Repeat only the lines below from the one containing "specialize (HN N" through the one containing "destruct k as [|k].", inclusive, exactly as written.
(Data records Opens)
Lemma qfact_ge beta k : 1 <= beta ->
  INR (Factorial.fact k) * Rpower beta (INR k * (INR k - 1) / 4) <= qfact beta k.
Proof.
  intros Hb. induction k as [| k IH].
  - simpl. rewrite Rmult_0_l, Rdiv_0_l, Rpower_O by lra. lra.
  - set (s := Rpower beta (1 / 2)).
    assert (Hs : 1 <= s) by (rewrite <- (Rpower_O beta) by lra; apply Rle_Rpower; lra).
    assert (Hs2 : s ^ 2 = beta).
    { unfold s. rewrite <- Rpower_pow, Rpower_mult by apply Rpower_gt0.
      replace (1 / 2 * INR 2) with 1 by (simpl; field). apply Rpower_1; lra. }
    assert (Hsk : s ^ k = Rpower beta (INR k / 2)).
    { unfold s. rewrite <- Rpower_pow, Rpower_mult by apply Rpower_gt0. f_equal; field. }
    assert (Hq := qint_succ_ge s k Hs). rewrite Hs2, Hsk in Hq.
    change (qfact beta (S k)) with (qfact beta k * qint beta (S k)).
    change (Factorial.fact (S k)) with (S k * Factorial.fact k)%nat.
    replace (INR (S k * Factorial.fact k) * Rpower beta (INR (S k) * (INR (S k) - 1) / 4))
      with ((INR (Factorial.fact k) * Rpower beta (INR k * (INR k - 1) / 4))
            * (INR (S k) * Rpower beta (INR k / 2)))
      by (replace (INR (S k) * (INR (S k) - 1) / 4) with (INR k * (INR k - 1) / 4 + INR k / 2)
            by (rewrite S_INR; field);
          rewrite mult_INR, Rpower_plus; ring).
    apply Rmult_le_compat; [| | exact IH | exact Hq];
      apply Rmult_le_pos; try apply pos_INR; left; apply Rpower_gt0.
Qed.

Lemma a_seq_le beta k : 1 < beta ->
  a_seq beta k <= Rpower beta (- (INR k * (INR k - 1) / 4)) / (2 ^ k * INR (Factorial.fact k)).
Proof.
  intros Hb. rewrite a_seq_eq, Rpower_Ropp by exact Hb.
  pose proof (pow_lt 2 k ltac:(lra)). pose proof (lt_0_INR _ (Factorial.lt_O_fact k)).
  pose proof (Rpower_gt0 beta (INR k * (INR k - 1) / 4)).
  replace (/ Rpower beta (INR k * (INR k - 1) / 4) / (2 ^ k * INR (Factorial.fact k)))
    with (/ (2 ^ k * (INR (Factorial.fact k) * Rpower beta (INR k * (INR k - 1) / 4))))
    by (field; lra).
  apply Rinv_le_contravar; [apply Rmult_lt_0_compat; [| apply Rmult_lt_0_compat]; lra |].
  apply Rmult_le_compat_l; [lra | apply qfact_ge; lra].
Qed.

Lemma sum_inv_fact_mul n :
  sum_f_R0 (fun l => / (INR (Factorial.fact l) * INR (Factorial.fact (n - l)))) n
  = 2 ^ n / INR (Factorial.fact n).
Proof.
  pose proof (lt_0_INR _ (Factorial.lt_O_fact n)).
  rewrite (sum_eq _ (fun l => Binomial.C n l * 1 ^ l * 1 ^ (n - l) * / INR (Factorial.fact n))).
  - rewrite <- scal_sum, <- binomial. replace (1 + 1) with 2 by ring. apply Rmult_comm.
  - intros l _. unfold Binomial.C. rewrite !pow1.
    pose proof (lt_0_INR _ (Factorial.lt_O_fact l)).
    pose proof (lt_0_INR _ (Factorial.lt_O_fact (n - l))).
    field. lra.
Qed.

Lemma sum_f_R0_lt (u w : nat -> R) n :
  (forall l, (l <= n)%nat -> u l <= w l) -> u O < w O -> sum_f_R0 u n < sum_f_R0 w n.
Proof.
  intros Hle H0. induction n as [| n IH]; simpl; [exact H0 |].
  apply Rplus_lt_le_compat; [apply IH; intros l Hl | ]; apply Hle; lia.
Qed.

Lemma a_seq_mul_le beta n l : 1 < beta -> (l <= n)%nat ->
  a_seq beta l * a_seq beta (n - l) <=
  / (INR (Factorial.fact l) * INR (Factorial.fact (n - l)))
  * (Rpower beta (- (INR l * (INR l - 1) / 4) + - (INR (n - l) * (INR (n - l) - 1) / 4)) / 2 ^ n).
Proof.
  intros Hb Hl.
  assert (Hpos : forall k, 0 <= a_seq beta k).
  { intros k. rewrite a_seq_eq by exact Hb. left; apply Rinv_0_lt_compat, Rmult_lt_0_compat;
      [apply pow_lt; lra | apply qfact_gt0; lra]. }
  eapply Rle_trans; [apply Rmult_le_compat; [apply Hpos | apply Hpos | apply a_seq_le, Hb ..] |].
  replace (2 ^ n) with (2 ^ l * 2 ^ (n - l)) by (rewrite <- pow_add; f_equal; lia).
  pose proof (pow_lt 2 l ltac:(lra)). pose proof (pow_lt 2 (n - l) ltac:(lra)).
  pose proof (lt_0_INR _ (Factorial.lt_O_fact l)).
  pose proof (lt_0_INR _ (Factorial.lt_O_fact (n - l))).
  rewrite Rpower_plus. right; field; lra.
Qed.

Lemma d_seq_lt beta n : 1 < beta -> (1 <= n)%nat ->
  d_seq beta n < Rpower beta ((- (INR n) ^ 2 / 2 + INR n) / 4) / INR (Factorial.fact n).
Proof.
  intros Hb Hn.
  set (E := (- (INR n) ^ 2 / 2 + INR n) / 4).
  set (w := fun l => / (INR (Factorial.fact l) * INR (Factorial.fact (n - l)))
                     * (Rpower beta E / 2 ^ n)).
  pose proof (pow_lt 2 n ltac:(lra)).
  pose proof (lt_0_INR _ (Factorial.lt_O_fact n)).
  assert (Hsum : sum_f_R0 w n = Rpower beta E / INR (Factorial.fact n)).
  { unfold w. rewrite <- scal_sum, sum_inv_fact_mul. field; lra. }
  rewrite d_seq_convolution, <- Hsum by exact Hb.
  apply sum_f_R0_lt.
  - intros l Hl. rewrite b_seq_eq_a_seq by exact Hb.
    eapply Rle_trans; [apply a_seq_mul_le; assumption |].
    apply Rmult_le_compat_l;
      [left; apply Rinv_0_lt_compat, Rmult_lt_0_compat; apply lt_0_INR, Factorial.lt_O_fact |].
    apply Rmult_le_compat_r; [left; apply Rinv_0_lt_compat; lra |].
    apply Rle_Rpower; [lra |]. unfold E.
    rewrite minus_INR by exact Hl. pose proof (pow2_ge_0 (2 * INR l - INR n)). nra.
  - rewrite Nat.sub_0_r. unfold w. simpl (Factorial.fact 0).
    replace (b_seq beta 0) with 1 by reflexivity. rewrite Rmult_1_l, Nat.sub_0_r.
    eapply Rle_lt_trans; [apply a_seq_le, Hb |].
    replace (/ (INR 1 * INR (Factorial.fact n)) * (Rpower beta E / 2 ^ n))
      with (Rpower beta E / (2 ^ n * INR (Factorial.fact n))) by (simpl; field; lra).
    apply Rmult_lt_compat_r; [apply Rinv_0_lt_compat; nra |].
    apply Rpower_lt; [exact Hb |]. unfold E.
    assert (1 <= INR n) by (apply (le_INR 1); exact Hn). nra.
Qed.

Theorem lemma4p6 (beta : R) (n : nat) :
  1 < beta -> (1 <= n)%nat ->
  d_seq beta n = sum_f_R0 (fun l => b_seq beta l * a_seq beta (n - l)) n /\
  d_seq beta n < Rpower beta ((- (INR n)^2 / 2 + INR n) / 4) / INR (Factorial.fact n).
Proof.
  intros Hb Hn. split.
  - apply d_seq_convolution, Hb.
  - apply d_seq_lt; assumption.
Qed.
(Data records Closes)
(Data records Opens)
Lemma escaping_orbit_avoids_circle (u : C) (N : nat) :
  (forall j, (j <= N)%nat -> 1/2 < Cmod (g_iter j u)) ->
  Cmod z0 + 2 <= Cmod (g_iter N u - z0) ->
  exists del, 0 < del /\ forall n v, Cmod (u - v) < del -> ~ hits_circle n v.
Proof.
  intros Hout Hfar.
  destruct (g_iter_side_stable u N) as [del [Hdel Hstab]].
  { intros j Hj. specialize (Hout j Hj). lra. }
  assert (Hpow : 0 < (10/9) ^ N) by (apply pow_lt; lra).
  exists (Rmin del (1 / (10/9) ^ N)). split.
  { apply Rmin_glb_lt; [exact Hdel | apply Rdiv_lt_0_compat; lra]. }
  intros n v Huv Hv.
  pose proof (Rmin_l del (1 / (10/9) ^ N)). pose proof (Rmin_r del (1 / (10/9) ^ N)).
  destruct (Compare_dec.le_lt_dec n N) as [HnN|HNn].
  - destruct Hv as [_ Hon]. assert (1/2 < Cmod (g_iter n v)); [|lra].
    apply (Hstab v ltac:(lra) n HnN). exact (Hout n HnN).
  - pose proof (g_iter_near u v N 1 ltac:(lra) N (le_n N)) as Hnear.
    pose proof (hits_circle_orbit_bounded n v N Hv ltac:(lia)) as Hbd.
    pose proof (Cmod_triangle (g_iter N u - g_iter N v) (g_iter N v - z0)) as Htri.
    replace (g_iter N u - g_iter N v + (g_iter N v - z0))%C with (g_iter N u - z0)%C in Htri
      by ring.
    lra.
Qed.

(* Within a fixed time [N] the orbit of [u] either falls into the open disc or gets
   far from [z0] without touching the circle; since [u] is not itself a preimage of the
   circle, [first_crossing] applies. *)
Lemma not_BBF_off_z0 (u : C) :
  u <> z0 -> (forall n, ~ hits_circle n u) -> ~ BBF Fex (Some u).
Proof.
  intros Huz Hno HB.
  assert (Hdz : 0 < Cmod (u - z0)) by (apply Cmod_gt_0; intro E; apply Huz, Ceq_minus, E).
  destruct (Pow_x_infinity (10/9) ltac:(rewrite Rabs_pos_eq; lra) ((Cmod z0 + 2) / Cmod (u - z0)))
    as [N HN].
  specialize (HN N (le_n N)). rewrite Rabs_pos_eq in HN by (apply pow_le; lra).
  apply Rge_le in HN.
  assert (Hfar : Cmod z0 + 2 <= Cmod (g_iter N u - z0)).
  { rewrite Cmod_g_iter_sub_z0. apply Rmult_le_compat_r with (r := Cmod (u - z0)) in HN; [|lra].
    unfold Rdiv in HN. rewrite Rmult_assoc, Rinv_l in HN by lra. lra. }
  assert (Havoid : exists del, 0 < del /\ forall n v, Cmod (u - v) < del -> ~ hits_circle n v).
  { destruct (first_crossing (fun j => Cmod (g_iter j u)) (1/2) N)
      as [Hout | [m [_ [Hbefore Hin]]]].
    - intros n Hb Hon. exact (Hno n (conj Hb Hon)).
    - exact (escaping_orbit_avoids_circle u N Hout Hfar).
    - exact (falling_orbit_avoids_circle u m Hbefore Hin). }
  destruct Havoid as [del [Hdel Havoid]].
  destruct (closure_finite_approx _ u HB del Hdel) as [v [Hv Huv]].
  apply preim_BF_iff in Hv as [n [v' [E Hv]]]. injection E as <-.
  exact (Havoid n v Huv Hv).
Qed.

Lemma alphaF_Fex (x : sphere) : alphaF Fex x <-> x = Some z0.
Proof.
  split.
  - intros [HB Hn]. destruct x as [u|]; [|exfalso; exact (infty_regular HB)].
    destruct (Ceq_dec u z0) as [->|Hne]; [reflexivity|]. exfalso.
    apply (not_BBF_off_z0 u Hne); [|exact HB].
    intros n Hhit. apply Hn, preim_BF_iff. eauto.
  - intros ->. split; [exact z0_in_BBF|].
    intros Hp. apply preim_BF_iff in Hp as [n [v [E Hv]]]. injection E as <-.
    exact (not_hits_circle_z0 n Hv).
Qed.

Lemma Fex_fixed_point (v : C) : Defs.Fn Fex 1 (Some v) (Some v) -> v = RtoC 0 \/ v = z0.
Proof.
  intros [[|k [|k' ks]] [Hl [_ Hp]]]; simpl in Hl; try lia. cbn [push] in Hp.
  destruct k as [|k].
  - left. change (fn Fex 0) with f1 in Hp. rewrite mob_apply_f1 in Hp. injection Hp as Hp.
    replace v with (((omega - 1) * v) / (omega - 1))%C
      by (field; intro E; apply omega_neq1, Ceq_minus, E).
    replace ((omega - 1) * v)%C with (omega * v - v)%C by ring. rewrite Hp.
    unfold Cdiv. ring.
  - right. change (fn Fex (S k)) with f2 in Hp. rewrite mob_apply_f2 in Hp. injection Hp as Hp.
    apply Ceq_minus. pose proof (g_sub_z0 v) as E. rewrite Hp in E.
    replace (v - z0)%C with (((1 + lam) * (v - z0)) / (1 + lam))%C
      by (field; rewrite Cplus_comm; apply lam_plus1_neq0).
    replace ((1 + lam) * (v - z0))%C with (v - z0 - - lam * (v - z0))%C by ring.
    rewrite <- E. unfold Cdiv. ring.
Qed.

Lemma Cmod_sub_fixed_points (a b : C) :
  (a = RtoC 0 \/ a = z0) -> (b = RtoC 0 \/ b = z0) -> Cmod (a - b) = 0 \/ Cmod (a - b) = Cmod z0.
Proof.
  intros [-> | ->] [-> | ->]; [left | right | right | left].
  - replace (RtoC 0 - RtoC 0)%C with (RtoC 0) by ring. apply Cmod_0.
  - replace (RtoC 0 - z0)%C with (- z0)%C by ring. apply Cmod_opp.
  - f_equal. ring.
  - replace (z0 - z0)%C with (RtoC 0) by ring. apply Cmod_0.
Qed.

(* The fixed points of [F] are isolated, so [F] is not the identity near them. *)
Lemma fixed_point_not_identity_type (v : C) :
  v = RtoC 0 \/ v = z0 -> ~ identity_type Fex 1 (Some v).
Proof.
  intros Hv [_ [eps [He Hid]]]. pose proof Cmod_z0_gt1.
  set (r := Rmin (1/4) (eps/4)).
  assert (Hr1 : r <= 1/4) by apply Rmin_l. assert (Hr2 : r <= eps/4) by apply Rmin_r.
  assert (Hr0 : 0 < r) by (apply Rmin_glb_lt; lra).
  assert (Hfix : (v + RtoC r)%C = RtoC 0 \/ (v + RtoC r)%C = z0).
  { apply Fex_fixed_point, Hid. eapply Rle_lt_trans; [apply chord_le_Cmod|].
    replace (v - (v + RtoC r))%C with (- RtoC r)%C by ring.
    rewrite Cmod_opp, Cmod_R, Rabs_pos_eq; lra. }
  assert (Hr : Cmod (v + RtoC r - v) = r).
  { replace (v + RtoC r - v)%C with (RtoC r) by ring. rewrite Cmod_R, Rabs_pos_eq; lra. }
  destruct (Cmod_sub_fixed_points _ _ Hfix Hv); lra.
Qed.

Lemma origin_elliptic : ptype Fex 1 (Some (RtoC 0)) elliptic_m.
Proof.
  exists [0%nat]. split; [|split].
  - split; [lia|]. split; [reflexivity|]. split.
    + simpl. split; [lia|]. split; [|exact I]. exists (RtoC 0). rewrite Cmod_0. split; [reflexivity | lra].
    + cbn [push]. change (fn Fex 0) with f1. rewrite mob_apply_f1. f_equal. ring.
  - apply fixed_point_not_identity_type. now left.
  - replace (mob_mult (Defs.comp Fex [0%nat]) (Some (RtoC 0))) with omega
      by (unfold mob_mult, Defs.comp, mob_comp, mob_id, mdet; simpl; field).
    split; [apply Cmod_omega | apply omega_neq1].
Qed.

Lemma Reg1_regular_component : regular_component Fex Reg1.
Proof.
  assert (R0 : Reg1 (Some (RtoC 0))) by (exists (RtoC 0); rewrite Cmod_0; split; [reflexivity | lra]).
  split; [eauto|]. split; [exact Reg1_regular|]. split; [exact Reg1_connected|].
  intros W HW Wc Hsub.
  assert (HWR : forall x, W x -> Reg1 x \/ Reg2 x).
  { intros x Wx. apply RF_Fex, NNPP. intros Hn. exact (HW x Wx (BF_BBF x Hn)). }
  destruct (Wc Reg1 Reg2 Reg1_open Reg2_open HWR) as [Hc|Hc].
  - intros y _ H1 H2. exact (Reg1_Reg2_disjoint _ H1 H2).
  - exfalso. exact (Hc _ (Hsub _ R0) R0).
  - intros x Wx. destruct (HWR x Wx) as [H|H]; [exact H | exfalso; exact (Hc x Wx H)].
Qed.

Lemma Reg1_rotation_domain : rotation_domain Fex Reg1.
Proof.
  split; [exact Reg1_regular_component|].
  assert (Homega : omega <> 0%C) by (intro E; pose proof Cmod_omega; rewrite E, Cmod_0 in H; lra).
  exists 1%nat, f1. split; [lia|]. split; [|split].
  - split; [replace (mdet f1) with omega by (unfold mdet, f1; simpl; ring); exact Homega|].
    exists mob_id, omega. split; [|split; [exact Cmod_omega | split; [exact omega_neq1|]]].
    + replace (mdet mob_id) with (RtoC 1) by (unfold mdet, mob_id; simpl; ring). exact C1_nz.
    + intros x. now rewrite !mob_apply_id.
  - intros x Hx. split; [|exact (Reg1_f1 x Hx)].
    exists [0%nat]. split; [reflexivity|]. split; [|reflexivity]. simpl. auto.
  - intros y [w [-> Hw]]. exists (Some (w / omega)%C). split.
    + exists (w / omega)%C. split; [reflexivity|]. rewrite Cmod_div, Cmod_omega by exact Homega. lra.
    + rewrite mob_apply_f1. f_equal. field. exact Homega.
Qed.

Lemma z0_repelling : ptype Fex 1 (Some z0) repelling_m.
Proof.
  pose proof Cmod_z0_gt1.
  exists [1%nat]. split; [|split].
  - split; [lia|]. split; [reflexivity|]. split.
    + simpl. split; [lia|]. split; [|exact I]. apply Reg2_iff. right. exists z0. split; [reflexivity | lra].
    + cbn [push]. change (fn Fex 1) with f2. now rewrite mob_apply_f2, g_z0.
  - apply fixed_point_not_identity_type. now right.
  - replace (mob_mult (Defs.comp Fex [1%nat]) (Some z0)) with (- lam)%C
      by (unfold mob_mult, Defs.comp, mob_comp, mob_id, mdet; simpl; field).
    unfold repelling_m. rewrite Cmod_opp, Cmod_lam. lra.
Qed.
(Data records Closes)
(Data records Opens)
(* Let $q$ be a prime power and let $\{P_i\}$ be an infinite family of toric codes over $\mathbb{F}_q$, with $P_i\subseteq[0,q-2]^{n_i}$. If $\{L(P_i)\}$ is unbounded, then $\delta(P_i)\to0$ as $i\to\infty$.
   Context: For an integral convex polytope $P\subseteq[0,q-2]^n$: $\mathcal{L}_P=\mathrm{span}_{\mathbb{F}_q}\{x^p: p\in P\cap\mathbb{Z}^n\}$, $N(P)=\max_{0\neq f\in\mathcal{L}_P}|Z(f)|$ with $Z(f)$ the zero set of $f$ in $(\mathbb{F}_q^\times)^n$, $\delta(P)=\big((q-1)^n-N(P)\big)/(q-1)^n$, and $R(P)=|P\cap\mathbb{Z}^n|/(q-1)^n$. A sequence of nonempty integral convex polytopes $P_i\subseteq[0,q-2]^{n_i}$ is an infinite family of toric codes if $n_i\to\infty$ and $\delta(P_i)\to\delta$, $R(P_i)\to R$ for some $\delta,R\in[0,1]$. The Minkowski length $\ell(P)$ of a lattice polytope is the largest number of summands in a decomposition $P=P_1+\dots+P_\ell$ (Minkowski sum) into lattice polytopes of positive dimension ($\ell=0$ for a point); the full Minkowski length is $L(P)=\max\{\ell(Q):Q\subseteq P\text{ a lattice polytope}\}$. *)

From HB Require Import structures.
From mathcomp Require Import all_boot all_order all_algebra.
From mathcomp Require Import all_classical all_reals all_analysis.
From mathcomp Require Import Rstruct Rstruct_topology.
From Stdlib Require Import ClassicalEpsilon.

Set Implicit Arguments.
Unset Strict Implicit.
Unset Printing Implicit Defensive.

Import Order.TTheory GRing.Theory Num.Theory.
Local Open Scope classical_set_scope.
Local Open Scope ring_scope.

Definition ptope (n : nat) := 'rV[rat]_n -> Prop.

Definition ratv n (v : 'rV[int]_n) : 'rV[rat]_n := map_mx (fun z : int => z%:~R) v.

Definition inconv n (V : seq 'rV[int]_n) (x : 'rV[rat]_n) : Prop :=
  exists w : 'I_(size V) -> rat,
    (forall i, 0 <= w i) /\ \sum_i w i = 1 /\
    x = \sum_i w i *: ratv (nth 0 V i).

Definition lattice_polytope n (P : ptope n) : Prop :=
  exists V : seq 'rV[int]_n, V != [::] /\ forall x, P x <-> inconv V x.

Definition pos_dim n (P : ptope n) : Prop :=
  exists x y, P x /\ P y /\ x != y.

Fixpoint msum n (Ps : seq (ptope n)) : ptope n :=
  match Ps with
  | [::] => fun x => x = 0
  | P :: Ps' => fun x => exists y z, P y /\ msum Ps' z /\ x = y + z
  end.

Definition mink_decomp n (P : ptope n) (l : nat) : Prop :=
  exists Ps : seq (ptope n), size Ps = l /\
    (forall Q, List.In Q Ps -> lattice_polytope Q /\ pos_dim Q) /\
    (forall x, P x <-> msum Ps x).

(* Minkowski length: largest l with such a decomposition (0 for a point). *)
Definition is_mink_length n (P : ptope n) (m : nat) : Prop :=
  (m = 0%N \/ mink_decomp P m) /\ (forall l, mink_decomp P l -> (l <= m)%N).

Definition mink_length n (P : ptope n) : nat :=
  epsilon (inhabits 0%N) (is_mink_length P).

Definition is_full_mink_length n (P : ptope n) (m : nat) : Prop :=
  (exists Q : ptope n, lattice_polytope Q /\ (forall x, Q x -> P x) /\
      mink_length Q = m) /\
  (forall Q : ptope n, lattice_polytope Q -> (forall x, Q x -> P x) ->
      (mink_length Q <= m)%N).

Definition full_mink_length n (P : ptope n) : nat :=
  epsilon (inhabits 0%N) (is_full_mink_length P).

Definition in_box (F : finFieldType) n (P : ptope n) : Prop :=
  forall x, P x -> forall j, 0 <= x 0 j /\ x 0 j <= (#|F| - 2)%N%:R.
(Data records Closes)
- Written solution:
  specialize (HN N (le_n N)). rewrite Rabs_pos_eq in HN by (apply pow_le; lra).
  apply Rge_le in HN.
  assert (Hfar : Cmod z0 + 2 <= Cmod (g_iter N u - z0)).
  { rewrite Cmod_g_iter_sub_z0. apply Rmult_le_compat_r with (r := Cmod (u - z0)) in HN; [|lra].
    unfold Rdiv in HN. rewrite Rmult_assoc, Rinv_l in HN by lra. lra. }
  assert (Havoid : exists del, 0 < del /\ forall n v, Cmod (u - v) < del -> ~ hits_circle n v).
  { destruct (first_crossing (fun j => Cmod (g_iter j u)) (1/2) N)
      as [Hout | [m [_ [Hbefore Hin]]]].
    - intros n Hb Hon. exact (Hno n (conj Hb Hon)).
    - exact (escaping_orbit_avoids_circle u N Hout Hfar).
    - exact (falling_orbit_avoids_circle u m Hbefore Hin). }
  destruct Havoid as [del [Hdel Havoid]].
  destruct (closure_finite_approx _ u HB del Hdel) as [v [Hv Huv]].
  apply preim_BF_iff in Hv as [n [v' [E Hv]]]. injection E as <-.
  exact (Havoid n v Huv Hv).
Qed.

Lemma alphaF_Fex (x : sphere) : alphaF Fex x <-> x = Some z0.
Proof.
  split.
  - intros [HB Hn]. destruct x as [u|]; [|exfalso; exact (infty_regular HB)].
    destruct (Ceq_dec u z0) as [->|Hne]; [reflexivity|]. exfalso.
    apply (not_BBF_off_z0 u Hne); [|exact HB].
    intros n Hhit. apply Hn, preim_BF_iff. eauto.
  - intros ->. split; [exact z0_in_BBF|].
    intros Hp. apply preim_BF_iff in Hp as [n [v [E Hv]]]. injection E as <-.
    exact (not_hits_circle_z0 n Hv).
Qed.

Lemma Fex_fixed_point (v : C) : Defs.Fn Fex 1 (Some v) (Some v) -> v = RtoC 0 \/ v = z0.
Proof.
  intros [[|k [|k' ks]] [Hl [_ Hp]]]; simpl in Hl; try lia. cbn [push] in Hp.
  destruct k as [|k].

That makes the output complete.